Return only those lines of the records below in which "continuous" appears.

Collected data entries
==================================================

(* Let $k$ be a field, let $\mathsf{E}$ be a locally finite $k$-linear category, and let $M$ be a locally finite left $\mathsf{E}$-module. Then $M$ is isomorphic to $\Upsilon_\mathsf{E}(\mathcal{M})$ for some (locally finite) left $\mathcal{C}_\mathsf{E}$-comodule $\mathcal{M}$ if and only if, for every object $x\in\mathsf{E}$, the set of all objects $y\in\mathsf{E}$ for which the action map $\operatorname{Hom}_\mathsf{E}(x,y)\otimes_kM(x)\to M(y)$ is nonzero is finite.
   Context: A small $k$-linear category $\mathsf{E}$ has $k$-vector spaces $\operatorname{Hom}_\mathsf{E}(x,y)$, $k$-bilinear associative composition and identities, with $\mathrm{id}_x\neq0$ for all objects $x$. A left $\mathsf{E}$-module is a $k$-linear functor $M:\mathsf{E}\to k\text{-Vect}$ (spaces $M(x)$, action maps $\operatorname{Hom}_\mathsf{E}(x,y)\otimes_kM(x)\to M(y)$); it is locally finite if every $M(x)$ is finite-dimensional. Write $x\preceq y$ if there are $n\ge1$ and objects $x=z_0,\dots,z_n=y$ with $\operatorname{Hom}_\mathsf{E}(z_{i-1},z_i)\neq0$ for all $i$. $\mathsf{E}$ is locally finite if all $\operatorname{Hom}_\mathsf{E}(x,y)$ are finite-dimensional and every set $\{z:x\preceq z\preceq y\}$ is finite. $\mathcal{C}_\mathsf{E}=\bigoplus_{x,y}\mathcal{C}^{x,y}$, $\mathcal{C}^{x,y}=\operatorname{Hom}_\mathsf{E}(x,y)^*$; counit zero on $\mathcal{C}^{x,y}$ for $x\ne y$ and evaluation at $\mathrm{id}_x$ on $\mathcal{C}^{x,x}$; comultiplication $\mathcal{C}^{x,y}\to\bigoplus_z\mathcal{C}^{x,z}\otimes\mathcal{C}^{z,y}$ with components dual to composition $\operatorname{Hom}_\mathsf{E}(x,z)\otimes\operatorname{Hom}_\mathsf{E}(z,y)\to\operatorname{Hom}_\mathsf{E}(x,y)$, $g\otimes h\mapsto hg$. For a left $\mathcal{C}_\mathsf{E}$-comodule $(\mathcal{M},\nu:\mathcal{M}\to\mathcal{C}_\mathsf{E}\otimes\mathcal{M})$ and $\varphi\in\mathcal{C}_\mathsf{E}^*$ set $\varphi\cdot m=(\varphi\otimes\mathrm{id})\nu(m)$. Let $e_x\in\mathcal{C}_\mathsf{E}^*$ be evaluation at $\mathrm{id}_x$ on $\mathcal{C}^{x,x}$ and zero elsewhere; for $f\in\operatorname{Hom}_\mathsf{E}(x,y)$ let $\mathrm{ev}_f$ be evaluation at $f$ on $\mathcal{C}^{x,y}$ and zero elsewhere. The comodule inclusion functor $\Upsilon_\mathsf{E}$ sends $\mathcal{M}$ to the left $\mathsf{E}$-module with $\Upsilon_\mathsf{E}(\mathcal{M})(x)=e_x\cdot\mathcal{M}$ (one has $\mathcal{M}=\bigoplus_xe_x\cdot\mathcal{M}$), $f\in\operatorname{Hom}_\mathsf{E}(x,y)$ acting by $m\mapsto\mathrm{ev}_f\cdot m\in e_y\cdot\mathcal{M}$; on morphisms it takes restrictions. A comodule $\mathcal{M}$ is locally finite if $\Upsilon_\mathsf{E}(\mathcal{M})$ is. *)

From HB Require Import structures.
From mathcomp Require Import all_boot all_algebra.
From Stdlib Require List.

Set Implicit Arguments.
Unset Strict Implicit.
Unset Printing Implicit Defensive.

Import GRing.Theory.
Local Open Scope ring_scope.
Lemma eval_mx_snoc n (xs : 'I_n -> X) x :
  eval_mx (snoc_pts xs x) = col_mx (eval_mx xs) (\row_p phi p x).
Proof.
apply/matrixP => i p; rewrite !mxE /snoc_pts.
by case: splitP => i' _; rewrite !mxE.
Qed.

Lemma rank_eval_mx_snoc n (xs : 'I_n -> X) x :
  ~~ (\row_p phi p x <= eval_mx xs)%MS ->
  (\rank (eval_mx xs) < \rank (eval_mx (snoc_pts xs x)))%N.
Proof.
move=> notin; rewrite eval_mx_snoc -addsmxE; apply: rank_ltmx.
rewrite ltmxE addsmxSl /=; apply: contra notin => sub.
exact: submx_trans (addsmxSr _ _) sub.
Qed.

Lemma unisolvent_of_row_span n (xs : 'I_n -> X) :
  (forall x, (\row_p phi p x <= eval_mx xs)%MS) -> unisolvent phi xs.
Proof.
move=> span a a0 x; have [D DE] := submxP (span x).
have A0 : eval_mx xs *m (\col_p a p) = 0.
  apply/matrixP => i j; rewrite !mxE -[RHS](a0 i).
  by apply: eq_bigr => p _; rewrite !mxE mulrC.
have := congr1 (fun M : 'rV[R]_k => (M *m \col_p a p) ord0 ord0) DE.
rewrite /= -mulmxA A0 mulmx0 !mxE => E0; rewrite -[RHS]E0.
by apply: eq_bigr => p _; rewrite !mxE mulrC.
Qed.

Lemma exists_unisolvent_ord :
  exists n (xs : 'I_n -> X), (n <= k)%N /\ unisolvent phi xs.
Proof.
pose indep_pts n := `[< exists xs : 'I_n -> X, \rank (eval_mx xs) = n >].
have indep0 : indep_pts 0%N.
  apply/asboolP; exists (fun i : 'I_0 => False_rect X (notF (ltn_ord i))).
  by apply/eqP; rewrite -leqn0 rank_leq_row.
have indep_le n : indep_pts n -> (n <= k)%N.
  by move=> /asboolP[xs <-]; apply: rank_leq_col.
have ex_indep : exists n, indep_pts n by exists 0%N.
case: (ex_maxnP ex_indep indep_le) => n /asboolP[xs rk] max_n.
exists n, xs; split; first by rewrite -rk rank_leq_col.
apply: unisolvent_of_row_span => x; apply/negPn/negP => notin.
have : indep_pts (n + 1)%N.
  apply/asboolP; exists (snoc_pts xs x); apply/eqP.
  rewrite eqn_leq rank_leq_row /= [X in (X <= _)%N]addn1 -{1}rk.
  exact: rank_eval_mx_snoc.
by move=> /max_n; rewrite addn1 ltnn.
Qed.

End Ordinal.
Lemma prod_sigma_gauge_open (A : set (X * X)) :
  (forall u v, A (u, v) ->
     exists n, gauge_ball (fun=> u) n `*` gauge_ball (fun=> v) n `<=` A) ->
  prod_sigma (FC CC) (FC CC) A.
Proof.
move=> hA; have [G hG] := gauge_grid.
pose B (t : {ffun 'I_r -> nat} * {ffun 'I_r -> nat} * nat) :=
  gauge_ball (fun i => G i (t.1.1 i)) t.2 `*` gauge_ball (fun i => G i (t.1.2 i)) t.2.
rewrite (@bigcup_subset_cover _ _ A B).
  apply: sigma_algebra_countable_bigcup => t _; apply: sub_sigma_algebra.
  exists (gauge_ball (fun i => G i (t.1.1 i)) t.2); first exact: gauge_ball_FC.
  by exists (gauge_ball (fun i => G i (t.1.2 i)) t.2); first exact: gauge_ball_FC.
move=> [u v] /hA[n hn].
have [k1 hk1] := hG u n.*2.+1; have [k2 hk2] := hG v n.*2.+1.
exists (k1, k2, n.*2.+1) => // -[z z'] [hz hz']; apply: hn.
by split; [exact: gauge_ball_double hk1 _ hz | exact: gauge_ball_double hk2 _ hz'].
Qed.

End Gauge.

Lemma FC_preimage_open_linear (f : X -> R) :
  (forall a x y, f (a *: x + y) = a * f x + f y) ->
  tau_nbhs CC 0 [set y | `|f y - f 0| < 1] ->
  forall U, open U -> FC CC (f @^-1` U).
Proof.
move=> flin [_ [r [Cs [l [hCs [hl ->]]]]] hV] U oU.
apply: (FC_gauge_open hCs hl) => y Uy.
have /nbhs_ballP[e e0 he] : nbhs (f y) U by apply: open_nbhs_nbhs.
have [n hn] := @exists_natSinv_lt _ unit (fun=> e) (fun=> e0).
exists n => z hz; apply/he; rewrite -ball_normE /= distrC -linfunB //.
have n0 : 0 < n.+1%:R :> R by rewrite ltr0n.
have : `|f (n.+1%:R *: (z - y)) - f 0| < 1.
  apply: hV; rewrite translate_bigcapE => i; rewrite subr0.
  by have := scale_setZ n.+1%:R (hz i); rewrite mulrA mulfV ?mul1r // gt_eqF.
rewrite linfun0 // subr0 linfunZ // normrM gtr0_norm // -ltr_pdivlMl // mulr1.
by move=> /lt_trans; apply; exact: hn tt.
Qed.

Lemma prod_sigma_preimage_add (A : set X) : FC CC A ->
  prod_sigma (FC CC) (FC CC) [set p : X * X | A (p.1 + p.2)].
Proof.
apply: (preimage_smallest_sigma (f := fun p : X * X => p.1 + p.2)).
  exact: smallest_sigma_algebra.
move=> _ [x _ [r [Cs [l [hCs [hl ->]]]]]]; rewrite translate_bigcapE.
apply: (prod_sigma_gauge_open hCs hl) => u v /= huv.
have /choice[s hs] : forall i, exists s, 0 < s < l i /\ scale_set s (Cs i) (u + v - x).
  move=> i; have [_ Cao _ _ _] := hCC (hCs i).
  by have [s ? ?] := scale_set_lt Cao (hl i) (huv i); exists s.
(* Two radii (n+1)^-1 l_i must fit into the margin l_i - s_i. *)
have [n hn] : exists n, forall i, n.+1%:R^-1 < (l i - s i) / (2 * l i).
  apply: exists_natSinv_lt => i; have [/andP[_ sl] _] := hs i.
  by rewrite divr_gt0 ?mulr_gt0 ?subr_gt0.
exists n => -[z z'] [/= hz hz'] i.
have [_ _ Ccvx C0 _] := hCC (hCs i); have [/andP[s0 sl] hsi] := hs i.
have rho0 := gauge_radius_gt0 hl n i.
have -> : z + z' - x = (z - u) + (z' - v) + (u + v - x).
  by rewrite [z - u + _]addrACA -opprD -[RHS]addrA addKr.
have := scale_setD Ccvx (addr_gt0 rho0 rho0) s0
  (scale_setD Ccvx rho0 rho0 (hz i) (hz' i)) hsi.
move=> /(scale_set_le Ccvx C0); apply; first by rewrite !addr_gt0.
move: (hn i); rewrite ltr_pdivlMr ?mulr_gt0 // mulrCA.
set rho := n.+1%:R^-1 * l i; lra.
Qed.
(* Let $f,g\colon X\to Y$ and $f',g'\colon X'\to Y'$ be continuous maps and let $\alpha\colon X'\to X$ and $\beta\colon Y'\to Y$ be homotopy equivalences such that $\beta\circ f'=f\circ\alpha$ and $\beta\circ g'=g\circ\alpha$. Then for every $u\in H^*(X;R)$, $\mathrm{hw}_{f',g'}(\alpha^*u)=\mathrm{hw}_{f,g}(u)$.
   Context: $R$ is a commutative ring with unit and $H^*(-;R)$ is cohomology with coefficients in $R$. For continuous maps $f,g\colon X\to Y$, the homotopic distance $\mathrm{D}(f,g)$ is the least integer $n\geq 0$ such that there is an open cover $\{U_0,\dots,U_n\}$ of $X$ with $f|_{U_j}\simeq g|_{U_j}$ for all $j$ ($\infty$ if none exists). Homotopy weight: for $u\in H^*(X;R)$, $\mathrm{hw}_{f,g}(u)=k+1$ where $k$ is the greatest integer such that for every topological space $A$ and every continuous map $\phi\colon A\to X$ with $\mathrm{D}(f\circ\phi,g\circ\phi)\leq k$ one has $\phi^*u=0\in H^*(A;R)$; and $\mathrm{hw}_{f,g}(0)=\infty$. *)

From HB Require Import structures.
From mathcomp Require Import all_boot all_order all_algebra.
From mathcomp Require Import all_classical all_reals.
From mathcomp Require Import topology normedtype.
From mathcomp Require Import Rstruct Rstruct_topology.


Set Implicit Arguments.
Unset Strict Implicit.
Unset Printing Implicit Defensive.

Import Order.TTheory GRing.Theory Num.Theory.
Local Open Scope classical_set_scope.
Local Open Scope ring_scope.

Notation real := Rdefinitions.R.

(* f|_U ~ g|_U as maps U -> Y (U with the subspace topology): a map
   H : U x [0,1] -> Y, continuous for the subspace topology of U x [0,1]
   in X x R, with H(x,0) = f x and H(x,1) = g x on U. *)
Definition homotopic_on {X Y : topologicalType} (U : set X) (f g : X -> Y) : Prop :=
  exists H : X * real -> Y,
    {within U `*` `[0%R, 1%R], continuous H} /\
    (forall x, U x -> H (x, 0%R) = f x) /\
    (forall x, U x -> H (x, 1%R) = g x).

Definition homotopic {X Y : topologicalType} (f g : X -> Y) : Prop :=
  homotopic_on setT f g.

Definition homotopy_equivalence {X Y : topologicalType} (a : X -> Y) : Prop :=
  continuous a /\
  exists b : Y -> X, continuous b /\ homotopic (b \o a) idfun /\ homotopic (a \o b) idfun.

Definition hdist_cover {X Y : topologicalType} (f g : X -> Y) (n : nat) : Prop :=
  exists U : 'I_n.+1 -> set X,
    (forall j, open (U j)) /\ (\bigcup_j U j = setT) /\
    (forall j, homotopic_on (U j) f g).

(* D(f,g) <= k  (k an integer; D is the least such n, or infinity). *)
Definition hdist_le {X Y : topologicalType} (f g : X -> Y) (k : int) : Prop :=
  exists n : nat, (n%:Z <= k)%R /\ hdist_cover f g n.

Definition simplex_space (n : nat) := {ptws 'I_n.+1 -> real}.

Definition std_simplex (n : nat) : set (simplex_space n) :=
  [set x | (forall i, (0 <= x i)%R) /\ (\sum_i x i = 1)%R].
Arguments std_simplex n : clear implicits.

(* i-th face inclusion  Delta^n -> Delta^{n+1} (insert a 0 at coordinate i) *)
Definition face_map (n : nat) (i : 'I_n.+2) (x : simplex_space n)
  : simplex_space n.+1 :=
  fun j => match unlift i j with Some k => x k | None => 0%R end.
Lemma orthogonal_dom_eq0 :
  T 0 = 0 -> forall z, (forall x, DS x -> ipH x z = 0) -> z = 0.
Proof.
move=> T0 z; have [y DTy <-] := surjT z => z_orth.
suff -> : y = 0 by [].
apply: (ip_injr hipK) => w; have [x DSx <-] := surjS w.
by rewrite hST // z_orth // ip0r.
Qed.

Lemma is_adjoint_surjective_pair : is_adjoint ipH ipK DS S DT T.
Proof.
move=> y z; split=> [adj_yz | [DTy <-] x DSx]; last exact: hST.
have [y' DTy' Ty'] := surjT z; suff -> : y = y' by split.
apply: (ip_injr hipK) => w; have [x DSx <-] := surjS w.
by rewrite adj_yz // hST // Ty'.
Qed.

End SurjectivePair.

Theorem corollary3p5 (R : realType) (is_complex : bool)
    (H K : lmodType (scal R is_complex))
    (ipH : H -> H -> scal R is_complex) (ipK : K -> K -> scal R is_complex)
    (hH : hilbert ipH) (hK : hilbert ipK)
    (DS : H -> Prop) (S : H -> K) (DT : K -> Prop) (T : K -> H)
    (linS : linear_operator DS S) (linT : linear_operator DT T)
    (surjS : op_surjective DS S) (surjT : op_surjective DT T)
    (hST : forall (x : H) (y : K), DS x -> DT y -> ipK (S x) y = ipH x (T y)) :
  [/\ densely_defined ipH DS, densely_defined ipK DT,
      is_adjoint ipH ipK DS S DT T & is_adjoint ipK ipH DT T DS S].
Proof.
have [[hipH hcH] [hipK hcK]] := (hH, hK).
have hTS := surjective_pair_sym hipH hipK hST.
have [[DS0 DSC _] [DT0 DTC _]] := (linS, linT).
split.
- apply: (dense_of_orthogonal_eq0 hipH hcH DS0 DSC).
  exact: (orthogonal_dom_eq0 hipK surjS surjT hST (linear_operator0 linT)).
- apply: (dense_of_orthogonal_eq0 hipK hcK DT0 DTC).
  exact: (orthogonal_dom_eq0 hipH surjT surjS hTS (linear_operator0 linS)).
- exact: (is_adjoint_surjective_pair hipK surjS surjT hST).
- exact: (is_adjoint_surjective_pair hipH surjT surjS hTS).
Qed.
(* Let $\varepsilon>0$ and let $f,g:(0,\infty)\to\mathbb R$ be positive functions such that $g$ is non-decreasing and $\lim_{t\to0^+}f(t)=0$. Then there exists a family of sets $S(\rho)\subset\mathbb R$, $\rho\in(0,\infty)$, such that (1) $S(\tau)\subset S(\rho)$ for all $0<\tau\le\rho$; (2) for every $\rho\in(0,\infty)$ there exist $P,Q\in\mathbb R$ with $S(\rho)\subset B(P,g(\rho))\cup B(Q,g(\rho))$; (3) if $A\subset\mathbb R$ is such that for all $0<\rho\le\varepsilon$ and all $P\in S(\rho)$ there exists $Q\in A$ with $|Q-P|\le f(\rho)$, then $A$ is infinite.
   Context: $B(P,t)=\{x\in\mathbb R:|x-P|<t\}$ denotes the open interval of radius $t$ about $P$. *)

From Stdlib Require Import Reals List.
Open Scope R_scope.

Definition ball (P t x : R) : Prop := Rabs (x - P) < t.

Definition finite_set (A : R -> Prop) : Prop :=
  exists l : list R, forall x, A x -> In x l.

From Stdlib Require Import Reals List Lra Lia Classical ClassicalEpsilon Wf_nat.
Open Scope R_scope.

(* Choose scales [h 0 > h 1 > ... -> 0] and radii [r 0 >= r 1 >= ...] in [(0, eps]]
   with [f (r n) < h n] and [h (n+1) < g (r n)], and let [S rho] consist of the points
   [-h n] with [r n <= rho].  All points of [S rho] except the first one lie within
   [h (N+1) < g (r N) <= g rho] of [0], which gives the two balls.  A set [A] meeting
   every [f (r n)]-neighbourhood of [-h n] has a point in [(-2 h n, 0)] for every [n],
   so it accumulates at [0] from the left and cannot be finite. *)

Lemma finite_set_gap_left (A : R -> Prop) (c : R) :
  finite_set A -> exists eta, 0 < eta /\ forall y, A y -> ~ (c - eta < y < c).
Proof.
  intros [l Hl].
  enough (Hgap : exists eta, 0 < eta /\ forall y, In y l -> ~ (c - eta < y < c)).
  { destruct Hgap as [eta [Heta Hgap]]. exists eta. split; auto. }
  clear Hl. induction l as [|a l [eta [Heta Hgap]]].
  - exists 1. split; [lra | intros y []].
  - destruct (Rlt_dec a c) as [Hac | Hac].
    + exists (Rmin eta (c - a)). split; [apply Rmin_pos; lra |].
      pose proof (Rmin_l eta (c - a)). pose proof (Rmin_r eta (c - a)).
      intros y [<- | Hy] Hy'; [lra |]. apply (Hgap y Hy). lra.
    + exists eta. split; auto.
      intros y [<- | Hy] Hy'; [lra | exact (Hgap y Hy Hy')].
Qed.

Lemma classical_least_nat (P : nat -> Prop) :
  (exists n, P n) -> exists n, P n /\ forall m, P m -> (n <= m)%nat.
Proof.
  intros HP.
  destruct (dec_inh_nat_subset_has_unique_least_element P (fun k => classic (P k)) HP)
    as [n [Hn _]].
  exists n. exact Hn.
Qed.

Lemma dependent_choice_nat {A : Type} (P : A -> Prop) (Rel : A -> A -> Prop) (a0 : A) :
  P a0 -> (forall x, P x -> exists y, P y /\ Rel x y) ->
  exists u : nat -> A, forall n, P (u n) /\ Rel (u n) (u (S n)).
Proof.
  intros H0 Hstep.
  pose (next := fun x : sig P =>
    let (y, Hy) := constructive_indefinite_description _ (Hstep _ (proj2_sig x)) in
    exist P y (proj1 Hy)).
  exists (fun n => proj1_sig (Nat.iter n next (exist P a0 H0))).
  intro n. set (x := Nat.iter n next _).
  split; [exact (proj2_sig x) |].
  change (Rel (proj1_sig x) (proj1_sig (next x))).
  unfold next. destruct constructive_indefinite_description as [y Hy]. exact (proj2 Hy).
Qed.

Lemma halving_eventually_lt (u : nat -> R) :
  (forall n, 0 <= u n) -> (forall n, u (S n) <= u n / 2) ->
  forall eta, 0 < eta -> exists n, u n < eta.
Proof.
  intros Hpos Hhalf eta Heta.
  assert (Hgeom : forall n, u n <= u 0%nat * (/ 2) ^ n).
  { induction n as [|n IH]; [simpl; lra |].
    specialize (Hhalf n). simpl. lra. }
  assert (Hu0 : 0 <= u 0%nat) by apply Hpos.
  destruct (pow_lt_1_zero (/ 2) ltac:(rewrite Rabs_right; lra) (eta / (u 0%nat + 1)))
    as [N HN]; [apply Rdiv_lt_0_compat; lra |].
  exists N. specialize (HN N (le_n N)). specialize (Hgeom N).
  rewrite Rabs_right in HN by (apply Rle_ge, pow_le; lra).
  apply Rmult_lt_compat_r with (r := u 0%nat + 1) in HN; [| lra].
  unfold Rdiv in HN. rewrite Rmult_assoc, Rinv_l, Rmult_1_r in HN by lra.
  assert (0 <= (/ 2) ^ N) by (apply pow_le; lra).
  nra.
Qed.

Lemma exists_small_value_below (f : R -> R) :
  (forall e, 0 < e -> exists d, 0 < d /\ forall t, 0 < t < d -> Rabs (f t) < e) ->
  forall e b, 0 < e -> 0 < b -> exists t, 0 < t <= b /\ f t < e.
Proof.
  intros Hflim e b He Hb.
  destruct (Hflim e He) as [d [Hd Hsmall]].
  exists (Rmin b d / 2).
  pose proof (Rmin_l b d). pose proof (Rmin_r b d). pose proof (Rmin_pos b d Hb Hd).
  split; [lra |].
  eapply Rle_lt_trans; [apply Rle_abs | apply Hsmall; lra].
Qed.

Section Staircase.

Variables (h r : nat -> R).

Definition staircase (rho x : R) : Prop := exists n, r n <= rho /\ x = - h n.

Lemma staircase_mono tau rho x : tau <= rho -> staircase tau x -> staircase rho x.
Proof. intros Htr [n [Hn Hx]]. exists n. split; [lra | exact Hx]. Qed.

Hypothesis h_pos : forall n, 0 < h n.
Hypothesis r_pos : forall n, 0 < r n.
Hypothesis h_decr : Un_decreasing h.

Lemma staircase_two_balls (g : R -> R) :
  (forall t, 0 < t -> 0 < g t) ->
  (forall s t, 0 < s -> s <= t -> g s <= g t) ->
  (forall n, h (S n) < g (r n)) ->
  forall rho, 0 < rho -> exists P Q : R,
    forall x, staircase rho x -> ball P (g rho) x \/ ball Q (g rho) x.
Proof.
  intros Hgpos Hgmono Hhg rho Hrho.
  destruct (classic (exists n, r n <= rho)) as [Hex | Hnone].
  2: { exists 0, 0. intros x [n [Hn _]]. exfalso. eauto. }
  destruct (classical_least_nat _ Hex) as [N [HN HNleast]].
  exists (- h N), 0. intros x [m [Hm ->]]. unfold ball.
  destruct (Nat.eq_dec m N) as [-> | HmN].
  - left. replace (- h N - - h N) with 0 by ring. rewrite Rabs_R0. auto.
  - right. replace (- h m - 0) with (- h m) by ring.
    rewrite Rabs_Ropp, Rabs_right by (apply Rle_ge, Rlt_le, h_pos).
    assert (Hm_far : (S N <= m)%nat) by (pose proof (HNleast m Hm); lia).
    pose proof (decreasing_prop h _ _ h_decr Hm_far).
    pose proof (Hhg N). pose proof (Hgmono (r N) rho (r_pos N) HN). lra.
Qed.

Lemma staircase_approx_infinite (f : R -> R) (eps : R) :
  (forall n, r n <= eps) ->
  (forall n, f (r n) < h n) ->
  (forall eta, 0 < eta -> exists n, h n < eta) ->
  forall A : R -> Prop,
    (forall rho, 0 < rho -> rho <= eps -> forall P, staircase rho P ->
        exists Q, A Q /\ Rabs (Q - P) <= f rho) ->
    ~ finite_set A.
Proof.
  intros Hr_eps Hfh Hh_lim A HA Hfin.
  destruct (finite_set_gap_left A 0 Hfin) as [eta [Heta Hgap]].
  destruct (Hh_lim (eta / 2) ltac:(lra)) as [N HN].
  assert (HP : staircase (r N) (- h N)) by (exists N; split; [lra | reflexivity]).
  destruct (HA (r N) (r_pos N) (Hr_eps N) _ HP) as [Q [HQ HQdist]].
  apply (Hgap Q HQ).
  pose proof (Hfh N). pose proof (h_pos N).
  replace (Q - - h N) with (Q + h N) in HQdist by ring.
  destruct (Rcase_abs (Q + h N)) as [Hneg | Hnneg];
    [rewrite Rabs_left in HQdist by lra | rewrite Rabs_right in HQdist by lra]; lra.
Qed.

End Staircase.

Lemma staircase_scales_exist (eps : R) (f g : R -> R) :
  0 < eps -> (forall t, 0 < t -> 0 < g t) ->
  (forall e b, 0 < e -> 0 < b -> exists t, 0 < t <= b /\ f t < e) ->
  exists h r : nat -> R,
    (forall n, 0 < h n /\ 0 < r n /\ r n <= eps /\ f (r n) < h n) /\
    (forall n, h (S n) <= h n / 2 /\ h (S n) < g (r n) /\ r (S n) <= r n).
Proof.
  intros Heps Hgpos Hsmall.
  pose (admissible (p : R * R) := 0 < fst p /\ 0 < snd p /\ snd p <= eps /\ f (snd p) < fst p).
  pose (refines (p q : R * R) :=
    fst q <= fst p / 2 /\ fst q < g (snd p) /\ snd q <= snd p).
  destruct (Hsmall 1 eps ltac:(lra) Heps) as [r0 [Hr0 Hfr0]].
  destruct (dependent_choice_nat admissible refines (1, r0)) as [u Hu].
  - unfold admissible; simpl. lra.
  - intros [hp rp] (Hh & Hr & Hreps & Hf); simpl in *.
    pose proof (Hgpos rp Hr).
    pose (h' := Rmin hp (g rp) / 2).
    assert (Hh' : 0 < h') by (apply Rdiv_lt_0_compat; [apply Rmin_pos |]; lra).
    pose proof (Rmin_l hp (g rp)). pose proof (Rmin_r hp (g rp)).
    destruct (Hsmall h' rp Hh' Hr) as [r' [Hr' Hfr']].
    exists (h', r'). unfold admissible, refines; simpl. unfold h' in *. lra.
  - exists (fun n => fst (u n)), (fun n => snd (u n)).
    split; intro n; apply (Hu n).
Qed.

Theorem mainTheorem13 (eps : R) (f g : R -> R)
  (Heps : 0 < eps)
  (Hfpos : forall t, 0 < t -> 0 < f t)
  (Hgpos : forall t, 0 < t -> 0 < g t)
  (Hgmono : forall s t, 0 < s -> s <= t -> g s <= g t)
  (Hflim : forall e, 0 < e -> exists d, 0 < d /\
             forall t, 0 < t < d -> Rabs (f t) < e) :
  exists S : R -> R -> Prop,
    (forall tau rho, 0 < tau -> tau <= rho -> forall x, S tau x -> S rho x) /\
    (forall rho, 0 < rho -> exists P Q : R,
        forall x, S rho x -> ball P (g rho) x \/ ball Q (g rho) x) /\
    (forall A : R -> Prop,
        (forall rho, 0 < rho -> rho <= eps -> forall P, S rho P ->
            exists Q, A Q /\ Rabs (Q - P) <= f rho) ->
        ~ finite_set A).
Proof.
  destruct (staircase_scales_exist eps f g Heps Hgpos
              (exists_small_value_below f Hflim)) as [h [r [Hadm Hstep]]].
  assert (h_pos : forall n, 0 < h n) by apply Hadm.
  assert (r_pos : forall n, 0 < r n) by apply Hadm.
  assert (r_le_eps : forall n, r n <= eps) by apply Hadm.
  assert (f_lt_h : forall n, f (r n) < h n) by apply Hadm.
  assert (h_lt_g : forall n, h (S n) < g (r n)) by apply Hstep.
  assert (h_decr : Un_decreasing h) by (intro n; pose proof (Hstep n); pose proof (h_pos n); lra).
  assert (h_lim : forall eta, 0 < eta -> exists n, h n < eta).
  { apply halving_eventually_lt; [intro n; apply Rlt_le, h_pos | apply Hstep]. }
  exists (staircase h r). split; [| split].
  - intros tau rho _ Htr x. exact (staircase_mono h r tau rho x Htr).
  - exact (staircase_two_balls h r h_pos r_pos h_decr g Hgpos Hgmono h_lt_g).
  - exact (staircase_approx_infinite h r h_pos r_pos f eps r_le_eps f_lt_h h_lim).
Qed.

==================================================

**Task answer:**
(* Let $f,g\colon X\to Y$ and $f',g'\colon X'\to Y'$ be continuous maps and let $\alpha\colon X'\to X$ and $\beta\colon Y'\to Y$ be homotopy equivalences such that $\beta\circ f'=f\circ\alpha$ and $\beta\circ g'=g\circ\alpha$. Then for every $u\in H^*(X;R)$, $\mathrm{hw}_{f',g'}(\alpha^*u)=\mathrm{hw}_{f,g}(u)$.
   Context: $R$ is a commutative ring with unit and $H^*(-;R)$ is cohomology with coefficients in $R$. For continuous maps $f,g\colon X\to Y$, the homotopic distance $\mathrm{D}(f,g)$ is the least integer $n\geq 0$ such that there is an open cover $\{U_0,\dots,U_n\}$ of $X$ with $f|_{U_j}\simeq g|_{U_j}$ for all $j$ ($\infty$ if none exists). Homotopy weight: for $u\in H^*(X;R)$, $\mathrm{hw}_{f,g}(u)=k+1$ where $k$ is the greatest integer such that for every topological space $A$ and every continuous map $\phi\colon A\to X$ with $\mathrm{D}(f\circ\phi,g\circ\phi)\leq k$ one has $\phi^*u=0\in H^*(A;R)$; and $\mathrm{hw}_{f,g}(0)=\infty$. *)
   H : U x [0,1] -> Y, continuous for the subspace topology of U x [0,1]
    {within U `*` `[0%R, 1%R], continuous H} /\
  continuous a /\
  exists b : Y -> X, continuous b /\ homotopic (b \o a) idfun /\ homotopic (a \o b) idfun.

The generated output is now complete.